Exercise objective |
The records below need copying. Match each line exactly.

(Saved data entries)
::::::
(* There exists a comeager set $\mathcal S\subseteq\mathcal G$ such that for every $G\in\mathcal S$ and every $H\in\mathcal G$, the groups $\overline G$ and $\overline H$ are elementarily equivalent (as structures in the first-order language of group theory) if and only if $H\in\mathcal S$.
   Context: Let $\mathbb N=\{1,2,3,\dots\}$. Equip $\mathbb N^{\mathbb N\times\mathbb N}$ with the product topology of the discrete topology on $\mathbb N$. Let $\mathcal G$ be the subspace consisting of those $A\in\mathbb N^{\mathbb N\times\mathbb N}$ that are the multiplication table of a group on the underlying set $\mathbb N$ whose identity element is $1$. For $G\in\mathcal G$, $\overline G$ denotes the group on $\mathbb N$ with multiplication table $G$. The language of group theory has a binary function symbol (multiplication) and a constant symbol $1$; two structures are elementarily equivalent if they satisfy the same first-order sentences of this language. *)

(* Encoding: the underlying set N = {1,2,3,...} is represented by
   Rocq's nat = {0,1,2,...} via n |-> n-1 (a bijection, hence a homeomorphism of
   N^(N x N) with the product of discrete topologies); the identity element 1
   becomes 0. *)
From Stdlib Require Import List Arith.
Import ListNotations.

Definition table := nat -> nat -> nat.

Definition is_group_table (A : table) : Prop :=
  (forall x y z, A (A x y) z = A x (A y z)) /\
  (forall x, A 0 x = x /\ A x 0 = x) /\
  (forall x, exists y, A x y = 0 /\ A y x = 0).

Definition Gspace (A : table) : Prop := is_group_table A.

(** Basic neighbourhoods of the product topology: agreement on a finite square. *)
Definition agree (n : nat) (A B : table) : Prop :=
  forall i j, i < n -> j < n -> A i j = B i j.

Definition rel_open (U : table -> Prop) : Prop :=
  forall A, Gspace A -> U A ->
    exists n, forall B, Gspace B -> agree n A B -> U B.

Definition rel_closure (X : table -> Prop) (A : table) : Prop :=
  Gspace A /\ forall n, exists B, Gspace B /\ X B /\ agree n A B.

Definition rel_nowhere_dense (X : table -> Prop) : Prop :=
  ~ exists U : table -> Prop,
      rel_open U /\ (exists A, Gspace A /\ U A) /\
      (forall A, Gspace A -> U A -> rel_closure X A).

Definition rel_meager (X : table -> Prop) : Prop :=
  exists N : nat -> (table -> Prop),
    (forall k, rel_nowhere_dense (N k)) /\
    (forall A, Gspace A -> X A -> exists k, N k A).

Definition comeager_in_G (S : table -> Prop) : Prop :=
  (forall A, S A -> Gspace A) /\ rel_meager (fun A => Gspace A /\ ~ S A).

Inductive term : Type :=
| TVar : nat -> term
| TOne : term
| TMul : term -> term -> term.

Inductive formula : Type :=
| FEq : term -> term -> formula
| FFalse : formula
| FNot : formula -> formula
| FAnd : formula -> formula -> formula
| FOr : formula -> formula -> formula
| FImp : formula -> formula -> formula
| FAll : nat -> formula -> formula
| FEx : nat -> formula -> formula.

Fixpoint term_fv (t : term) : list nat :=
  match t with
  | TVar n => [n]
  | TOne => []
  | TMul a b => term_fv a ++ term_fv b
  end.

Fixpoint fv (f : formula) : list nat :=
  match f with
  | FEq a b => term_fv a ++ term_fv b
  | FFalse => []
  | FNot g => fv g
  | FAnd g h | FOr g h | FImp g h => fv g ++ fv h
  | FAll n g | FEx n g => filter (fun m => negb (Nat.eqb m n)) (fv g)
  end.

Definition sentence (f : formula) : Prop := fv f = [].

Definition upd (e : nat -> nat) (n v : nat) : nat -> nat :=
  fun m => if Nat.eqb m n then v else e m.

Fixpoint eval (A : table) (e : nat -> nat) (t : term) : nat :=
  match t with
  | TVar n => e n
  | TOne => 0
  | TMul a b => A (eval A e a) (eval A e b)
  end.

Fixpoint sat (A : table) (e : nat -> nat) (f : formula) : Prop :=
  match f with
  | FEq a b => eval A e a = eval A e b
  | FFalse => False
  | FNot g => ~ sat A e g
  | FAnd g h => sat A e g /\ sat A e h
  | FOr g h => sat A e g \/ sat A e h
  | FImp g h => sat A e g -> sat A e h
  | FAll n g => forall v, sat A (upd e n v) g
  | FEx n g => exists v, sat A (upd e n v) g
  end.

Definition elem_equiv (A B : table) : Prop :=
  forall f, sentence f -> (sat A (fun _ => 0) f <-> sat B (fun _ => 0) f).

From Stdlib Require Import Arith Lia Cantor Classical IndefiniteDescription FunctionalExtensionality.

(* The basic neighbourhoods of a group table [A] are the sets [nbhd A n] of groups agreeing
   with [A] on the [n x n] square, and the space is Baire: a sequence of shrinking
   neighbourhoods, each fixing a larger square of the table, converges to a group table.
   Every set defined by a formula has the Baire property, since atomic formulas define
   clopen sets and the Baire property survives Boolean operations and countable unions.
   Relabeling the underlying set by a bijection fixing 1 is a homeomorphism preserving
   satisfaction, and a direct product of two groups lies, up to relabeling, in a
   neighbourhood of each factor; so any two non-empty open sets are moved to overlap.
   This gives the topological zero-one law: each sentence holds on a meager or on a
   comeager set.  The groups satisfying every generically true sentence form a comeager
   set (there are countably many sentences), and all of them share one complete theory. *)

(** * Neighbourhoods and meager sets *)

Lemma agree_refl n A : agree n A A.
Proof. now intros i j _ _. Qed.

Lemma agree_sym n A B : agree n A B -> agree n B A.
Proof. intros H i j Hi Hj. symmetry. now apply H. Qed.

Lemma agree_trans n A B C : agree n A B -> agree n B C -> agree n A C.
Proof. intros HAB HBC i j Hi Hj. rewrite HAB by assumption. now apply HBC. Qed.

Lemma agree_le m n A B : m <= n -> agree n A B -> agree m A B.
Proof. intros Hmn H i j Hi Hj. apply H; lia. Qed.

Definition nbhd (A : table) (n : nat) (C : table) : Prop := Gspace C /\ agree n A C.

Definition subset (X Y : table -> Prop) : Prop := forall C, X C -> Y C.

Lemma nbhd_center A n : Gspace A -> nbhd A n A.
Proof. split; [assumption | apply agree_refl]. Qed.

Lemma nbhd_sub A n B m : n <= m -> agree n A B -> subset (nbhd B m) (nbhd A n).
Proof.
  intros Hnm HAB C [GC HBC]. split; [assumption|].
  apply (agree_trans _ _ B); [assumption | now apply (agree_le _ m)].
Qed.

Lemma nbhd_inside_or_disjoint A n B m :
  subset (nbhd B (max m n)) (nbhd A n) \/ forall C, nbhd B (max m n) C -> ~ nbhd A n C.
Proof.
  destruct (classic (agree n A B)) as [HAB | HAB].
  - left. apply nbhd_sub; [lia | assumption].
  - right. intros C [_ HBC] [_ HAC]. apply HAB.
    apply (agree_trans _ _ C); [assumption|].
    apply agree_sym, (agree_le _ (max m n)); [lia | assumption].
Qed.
::::::
Reply |
(* There exists a comeager set $\mathcal S\subseteq\mathcal G$ such that for every $G\in\mathcal S$ and every $H\in\mathcal G$, the groups $\overline G$ and $\overline H$ are elementarily equivalent (as structures in the first-order language of group theory) if and only if $H\in\mathcal S$.
   Context: Let $\mathbb N=\{1,2,3,\dots\}$. Equip $\mathbb N^{\mathbb N\times\mathbb N}$ with the product topology of the discrete topology on $\mathbb N$. Let $\mathcal G$ be the subspace consisting of those $A\in\mathbb N^{\mathbb N\times\mathbb N}$ that are the multiplication table of a group on the underlying set $\mathbb N$ whose identity element is $1$. For $G\in\mathcal G$, $\overline G$ denotes the group on $\mathbb N$ with multiplication table $G$. The language of group theory has a binary function symbol (multiplication) and a constant symbol $1$; two structures are elementarily equivalent if they satisfy the same first-order sentences of this language. *)

(* Encoding: the underlying set N = {1,2,3,...} is represented by
   Rocq's nat = {0,1,2,...} via n |-> n-1 (a bijection, hence a homeomorphism of
   N^(N x N) with the product of discrete topologies); the identity element 1
   becomes 0. *)
From Stdlib Require Import List Arith.
Import ListNotations.

Definition table := nat -> nat -> nat.

Definition is_group_table (A : table) : Prop :=
  (forall x y z, A (A x y) z = A x (A y z)) /\
  (forall x, A 0 x = x /\ A x 0 = x) /\
  (forall x, exists y, A x y = 0 /\ A y x = 0).

Definition Gspace (A : table) : Prop := is_group_table A.

(** Basic neighbourhoods of the product topology: agreement on a finite square. *)
Definition agree (n : nat) (A B : table) : Prop :=
  forall i j, i < n -> j < n -> A i j = B i j.

Definition rel_open (U : table -> Prop) : Prop :=
  forall A, Gspace A -> U A ->
    exists n, forall B, Gspace B -> agree n A B -> U B.

Definition rel_closure (X : table -> Prop) (A : table) : Prop :=
  Gspace A /\ forall n, exists B, Gspace B /\ X B /\ agree n A B.

Definition rel_nowhere_dense (X : table -> Prop) : Prop :=
  ~ exists U : table -> Prop,
      rel_open U /\ (exists A, Gspace A /\ U A) /\
      (forall A, Gspace A -> U A -> rel_closure X A).

Definition rel_meager (X : table -> Prop) : Prop :=
  exists N : nat -> (table -> Prop),
    (forall k, rel_nowhere_dense (N k)) /\
    (forall A, Gspace A -> X A -> exists k, N k A).

Definition comeager_in_G (S : table -> Prop) : Prop :=
  (forall A, S A -> Gspace A) /\ rel_meager (fun A => Gspace A /\ ~ S A).

Inductive term : Type :=
| TVar : nat -> term
| TOne : term
| TMul : term -> term -> term.

Inductive formula : Type :=
| FEq : term -> term -> formula
| FFalse : formula
| FNot : formula -> formula
| FAnd : formula -> formula -> formula
| FOr : formula -> formula -> formula
| FImp : formula -> formula -> formula
| FAll : nat -> formula -> formula
| FEx : nat -> formula -> formula.

Fixpoint term_fv (t : term) : list nat :=
  match t with
  | TVar n => [n]
  | TOne => []
  | TMul a b => term_fv a ++ term_fv b
  end.

Fixpoint fv (f : formula) : list nat :=
  match f with
  | FEq a b => term_fv a ++ term_fv b
  | FFalse => []
  | FNot g => fv g
  | FAnd g h | FOr g h | FImp g h => fv g ++ fv h
  | FAll n g | FEx n g => filter (fun m => negb (Nat.eqb m n)) (fv g)
  end.

Definition sentence (f : formula) : Prop := fv f = [].

Definition upd (e : nat -> nat) (n v : nat) : nat -> nat :=
  fun m => if Nat.eqb m n then v else e m.

Fixpoint eval (A : table) (e : nat -> nat) (t : term) : nat :=
  match t with
  | TVar n => e n
  | TOne => 0
  | TMul a b => A (eval A e a) (eval A e b)
  end.

Fixpoint sat (A : table) (e : nat -> nat) (f : formula) : Prop :=
  match f with
  | FEq a b => eval A e a = eval A e b
  | FFalse => False
  | FNot g => ~ sat A e g
  | FAnd g h => sat A e g /\ sat A e h
  | FOr g h => sat A e g \/ sat A e h
  | FImp g h => sat A e g -> sat A e h
  | FAll n g => forall v, sat A (upd e n v) g
  | FEx n g => exists v, sat A (upd e n v) g
  end.

Definition elem_equiv (A B : table) : Prop :=
  forall f, sentence f -> (sat A (fun _ => 0) f <-> sat B (fun _ => 0) f).

From Stdlib Require Import Arith Lia Cantor Classical IndefiniteDescription FunctionalExtensionality.

(* The basic neighbourhoods of a group table [A] are the sets [nbhd A n] of groups agreeing
   with [A] on the [n x n] square, and the space is Baire: a sequence of shrinking
   neighbourhoods, each fixing a larger square of the table, converges to a group table.
   Every set defined by a formula has the Baire property, since atomic formulas define
   clopen sets and the Baire property survives Boolean operations and countable unions.
   Relabeling the underlying set by a bijection fixing 1 is a homeomorphism preserving
   satisfaction, and a direct product of two groups lies, up to relabeling, in a
   neighbourhood of each factor; so any two non-empty open sets are moved to overlap.
   This gives the topological zero-one law: each sentence holds on a meager or on a
   comeager set.  The groups satisfying every generically true sentence form a comeager
   set (there are countably many sentences), and all of them share one complete theory. *)

(** * Neighbourhoods and meager sets *)

Lemma agree_refl n A : agree n A A.
Proof. now intros i j _ _. Qed.

Lemma agree_sym n A B : agree n A B -> agree n B A.
Proof. intros H i j Hi Hj. symmetry. now apply H. Qed.

Lemma agree_trans n A B C : agree n A B -> agree n B C -> agree n A C.
Proof. intros HAB HBC i j Hi Hj. rewrite HAB by assumption. now apply HBC. Qed.

Lemma agree_le m n A B : m <= n -> agree n A B -> agree m A B.
Proof. intros Hmn H i j Hi Hj. apply H; lia. Qed.

Definition nbhd (A : table) (n : nat) (C : table) : Prop := Gspace C /\ agree n A C.

Definition subset (X Y : table -> Prop) : Prop := forall C, X C -> Y C.

Lemma nbhd_center A n : Gspace A -> nbhd A n A.
Proof. split; [assumption | apply agree_refl]. Qed.

Lemma nbhd_sub A n B m : n <= m -> agree n A B -> subset (nbhd B m) (nbhd A n).
Proof.
  intros Hnm HAB C [GC HBC]. split; [assumption|].
  apply (agree_trans _ _ B); [assumption | now apply (agree_le _ m)].
Qed.

Lemma nbhd_inside_or_disjoint A n B m :
  subset (nbhd B (max m n)) (nbhd A n) \/ forall C, nbhd B (max m n) C -> ~ nbhd A n C.
Proof.
  destruct (classic (agree n A B)) as [HAB | HAB].
  - left. apply nbhd_sub; [lia | assumption].
  - right. intros C [_ HBC] [_ HAC]. apply HAB.
    apply (agree_trans _ _ C); [assumption|].
    apply agree_sym, (agree_le _ (max m n)); [lia | assumption].
Qed.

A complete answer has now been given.